## Data extracts
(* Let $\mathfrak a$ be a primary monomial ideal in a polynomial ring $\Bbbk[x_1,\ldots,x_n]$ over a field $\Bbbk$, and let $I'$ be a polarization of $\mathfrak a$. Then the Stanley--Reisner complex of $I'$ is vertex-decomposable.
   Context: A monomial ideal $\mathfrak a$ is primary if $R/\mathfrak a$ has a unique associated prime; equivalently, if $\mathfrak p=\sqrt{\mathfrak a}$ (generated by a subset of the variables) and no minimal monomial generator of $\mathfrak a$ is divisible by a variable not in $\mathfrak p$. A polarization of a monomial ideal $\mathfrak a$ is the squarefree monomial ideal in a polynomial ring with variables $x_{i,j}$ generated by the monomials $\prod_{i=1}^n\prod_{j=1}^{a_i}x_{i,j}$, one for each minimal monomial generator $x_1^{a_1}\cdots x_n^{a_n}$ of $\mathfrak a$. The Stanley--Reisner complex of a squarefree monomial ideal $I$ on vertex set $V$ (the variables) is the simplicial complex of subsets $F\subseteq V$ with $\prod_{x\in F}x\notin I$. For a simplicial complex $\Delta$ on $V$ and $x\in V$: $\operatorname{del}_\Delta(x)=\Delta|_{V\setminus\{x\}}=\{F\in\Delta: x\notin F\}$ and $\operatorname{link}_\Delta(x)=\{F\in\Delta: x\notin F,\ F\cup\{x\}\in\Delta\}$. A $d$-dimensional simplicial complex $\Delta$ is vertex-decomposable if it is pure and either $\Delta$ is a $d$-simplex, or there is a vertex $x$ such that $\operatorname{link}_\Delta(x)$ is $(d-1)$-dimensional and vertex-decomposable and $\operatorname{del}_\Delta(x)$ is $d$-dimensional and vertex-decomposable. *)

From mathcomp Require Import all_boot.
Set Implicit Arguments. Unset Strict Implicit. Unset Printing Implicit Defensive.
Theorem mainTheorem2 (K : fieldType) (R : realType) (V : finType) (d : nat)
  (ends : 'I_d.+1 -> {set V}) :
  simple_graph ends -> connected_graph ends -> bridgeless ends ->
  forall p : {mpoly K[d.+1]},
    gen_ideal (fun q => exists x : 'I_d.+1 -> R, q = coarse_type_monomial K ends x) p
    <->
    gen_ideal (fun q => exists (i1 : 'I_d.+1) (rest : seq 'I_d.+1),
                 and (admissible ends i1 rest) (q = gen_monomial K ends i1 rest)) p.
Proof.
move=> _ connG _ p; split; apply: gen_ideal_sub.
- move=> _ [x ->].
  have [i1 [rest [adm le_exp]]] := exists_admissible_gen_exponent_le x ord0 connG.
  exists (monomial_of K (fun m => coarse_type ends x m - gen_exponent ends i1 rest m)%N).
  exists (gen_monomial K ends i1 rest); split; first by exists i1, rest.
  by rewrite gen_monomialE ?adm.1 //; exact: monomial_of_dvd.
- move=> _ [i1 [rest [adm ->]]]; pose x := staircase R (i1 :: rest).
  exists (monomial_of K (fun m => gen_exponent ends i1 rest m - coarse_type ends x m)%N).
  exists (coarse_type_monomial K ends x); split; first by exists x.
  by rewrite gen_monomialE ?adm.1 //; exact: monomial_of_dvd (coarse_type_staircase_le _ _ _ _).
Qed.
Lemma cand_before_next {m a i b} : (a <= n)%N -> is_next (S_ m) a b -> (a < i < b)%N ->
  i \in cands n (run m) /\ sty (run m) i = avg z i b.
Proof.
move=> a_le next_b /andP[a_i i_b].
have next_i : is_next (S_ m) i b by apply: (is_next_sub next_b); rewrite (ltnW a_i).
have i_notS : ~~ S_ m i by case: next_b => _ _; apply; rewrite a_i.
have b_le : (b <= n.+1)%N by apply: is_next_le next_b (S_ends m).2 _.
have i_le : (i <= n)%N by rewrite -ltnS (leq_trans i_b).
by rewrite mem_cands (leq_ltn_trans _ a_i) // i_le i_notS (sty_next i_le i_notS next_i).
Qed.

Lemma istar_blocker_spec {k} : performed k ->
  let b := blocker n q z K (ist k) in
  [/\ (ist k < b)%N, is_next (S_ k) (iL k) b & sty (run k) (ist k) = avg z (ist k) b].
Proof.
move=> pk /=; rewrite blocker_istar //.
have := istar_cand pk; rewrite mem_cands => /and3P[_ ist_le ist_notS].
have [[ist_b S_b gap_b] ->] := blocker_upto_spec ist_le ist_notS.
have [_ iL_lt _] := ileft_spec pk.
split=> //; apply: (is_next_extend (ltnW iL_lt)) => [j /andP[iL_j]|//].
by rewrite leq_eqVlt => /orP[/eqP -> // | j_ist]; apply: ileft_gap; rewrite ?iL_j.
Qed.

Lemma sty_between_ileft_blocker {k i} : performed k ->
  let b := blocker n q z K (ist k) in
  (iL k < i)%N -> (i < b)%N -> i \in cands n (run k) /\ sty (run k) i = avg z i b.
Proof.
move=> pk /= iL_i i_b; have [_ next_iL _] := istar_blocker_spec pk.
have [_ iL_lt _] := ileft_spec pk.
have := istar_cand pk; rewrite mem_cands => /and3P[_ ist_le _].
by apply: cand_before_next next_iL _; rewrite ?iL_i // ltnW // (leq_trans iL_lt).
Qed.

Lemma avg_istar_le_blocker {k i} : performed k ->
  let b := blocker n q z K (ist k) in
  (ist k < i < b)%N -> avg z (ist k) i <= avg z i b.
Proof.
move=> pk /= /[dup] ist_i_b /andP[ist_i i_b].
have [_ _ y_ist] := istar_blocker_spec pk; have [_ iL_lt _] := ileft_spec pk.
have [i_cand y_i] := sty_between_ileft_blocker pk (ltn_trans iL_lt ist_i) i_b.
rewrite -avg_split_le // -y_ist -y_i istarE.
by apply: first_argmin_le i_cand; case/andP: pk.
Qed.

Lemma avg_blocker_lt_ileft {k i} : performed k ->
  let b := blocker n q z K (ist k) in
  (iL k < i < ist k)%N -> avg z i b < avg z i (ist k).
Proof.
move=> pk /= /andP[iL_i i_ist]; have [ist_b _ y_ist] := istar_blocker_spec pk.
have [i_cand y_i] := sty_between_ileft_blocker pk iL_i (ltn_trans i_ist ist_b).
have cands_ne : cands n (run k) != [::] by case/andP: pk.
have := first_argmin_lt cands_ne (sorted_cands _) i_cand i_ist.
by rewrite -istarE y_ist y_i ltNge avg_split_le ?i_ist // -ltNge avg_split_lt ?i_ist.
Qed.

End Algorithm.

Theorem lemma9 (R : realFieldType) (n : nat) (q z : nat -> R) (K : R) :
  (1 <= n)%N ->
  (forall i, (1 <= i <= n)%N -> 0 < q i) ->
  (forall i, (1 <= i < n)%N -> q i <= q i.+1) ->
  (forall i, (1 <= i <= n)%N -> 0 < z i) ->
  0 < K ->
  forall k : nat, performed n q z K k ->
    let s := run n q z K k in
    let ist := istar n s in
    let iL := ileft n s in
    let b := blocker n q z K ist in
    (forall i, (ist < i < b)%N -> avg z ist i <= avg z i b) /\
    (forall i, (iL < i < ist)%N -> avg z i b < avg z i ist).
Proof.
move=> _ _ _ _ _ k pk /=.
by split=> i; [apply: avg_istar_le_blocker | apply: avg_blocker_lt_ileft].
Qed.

--

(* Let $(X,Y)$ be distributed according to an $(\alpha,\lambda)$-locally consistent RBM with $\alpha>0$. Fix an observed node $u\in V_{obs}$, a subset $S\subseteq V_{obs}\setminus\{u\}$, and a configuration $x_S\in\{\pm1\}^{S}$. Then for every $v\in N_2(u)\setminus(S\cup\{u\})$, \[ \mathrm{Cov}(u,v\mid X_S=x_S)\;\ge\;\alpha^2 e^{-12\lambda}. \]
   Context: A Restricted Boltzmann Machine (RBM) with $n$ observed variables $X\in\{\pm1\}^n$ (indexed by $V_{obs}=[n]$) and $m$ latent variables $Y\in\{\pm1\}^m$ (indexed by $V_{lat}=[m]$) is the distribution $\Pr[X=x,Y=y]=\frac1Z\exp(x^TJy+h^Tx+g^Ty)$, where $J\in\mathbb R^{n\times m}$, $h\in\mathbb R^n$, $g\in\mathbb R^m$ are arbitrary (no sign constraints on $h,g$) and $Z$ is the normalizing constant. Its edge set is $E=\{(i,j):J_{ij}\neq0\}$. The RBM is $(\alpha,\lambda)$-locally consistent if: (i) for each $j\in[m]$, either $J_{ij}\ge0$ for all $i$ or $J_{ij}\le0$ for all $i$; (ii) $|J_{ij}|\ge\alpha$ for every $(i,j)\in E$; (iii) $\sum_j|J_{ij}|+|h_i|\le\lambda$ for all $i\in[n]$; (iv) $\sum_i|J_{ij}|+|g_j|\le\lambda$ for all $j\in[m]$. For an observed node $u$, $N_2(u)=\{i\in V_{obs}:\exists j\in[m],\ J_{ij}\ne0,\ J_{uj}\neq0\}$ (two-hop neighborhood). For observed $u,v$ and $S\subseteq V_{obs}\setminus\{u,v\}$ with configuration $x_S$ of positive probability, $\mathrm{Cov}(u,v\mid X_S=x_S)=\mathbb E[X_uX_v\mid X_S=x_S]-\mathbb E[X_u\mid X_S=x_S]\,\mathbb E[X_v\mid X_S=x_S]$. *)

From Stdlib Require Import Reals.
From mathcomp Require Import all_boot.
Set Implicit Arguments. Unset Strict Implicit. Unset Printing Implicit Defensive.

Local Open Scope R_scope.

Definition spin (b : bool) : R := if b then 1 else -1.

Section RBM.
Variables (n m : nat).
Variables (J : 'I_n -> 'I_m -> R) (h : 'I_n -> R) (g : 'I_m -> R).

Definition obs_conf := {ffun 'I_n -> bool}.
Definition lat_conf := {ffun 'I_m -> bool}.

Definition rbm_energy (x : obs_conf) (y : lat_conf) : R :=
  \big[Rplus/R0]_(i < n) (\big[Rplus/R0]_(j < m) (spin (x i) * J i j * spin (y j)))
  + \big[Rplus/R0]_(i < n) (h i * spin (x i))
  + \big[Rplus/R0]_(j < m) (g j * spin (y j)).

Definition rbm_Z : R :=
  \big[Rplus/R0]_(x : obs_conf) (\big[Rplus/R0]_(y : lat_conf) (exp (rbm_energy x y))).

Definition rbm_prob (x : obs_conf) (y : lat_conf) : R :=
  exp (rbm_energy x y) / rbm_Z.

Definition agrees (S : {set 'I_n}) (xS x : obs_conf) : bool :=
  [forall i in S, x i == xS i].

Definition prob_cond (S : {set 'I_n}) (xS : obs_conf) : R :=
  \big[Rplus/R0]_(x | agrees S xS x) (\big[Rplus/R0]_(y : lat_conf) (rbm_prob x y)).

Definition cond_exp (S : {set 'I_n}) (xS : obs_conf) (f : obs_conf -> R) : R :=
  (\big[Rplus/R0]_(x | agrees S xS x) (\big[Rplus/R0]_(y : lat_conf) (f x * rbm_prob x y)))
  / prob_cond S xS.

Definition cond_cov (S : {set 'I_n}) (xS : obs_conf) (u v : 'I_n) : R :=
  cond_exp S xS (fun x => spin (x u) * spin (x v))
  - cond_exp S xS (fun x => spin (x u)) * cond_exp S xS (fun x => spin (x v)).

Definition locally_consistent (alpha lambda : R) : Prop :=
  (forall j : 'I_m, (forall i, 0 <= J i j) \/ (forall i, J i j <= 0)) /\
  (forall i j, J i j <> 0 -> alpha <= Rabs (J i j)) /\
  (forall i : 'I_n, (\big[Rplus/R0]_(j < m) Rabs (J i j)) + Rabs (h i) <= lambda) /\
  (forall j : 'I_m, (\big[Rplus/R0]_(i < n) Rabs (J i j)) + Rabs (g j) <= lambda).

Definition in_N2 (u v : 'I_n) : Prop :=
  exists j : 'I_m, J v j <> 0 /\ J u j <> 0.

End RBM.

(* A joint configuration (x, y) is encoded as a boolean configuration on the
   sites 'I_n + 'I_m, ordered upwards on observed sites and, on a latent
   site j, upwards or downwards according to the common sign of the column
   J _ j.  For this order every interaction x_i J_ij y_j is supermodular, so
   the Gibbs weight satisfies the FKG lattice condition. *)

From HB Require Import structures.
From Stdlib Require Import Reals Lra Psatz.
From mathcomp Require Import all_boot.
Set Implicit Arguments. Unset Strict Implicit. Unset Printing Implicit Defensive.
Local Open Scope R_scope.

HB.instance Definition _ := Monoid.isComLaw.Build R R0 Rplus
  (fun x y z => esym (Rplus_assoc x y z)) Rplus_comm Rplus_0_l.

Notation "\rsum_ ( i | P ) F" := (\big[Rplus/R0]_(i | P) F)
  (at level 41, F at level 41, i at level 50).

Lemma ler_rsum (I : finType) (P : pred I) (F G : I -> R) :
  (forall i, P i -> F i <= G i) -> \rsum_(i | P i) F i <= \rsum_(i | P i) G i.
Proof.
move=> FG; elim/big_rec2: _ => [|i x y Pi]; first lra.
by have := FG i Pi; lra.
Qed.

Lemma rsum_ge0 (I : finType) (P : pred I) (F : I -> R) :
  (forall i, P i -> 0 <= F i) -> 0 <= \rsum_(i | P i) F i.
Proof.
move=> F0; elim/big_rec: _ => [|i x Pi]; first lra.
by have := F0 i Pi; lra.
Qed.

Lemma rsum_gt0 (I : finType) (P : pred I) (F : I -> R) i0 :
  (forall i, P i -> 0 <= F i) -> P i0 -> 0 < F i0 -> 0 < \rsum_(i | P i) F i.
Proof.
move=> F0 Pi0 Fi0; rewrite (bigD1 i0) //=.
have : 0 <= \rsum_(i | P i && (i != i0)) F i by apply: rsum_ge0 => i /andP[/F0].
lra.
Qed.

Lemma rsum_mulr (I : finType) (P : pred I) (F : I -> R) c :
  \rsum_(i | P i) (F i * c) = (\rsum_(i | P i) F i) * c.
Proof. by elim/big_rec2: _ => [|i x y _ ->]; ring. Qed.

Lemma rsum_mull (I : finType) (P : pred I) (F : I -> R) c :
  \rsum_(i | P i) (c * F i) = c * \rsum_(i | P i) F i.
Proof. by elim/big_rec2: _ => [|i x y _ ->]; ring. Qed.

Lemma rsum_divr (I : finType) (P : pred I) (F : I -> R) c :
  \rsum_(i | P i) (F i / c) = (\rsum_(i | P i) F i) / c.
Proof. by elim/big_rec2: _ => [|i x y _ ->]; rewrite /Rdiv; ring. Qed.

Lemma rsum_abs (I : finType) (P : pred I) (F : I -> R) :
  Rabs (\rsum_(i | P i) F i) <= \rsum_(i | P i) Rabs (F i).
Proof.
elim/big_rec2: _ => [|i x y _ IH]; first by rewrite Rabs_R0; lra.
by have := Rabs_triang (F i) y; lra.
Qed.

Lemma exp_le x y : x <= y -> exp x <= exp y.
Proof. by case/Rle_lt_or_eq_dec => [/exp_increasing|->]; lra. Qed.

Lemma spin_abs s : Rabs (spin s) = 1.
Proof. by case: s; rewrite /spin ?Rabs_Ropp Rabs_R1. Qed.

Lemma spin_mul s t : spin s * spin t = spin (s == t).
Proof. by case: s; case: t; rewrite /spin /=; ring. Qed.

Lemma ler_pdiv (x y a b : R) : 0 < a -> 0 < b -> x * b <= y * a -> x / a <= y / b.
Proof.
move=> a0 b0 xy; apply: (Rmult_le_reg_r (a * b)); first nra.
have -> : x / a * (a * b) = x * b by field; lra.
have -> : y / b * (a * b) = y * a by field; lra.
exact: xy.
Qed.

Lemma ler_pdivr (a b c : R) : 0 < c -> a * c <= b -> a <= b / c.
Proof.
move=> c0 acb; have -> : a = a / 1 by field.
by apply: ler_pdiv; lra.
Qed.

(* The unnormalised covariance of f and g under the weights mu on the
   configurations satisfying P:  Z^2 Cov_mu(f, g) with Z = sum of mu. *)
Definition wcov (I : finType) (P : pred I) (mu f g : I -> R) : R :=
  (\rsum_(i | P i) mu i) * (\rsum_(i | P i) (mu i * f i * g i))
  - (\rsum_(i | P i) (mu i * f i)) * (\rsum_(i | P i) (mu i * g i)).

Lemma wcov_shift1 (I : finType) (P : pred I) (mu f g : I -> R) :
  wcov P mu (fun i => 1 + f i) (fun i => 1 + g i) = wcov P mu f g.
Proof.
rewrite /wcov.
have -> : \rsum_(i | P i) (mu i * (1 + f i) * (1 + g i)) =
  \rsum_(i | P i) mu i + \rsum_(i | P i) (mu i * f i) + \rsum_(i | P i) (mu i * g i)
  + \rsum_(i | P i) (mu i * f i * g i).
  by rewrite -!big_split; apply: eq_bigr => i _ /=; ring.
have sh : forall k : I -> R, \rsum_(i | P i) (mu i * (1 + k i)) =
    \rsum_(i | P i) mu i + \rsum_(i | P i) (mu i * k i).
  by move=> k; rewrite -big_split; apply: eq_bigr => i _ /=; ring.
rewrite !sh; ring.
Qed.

## Aim of the task
What you return should be exactly the lines above, starting at the one with "(coarse_type_staircase_le _ _ _ _)." and ending at the one with "move=> pk /=; rewrite blocker_istar //.", and nothing else.

## Task result
  by rewrite gen_monomialE ?adm.1 //; exact: monomial_of_dvd (coarse_type_staircase_le _ _ _ _).
Qed.
Lemma cand_before_next {m a i b} : (a <= n)%N -> is_next (S_ m) a b -> (a < i < b)%N ->
  i \in cands n (run m) /\ sty (run m) i = avg z i b.
Proof.
move=> a_le next_b /andP[a_i i_b].
have next_i : is_next (S_ m) i b by apply: (is_next_sub next_b); rewrite (ltnW a_i).
have i_notS : ~~ S_ m i by case: next_b => _ _; apply; rewrite a_i.
have b_le : (b <= n.+1)%N by apply: is_next_le next_b (S_ends m).2 _.
have i_le : (i <= n)%N by rewrite -ltnS (leq_trans i_b).
by rewrite mem_cands (leq_ltn_trans _ a_i) // i_le i_notS (sty_next i_le i_notS next_i).
Qed.

Lemma istar_blocker_spec {k} : performed k ->
  let b := blocker n q z K (ist k) in
  [/\ (ist k < b)%N, is_next (S_ k) (iL k) b & sty (run k) (ist k) = avg z (ist k) b].
Proof.
move=> pk /=; rewrite blocker_istar //.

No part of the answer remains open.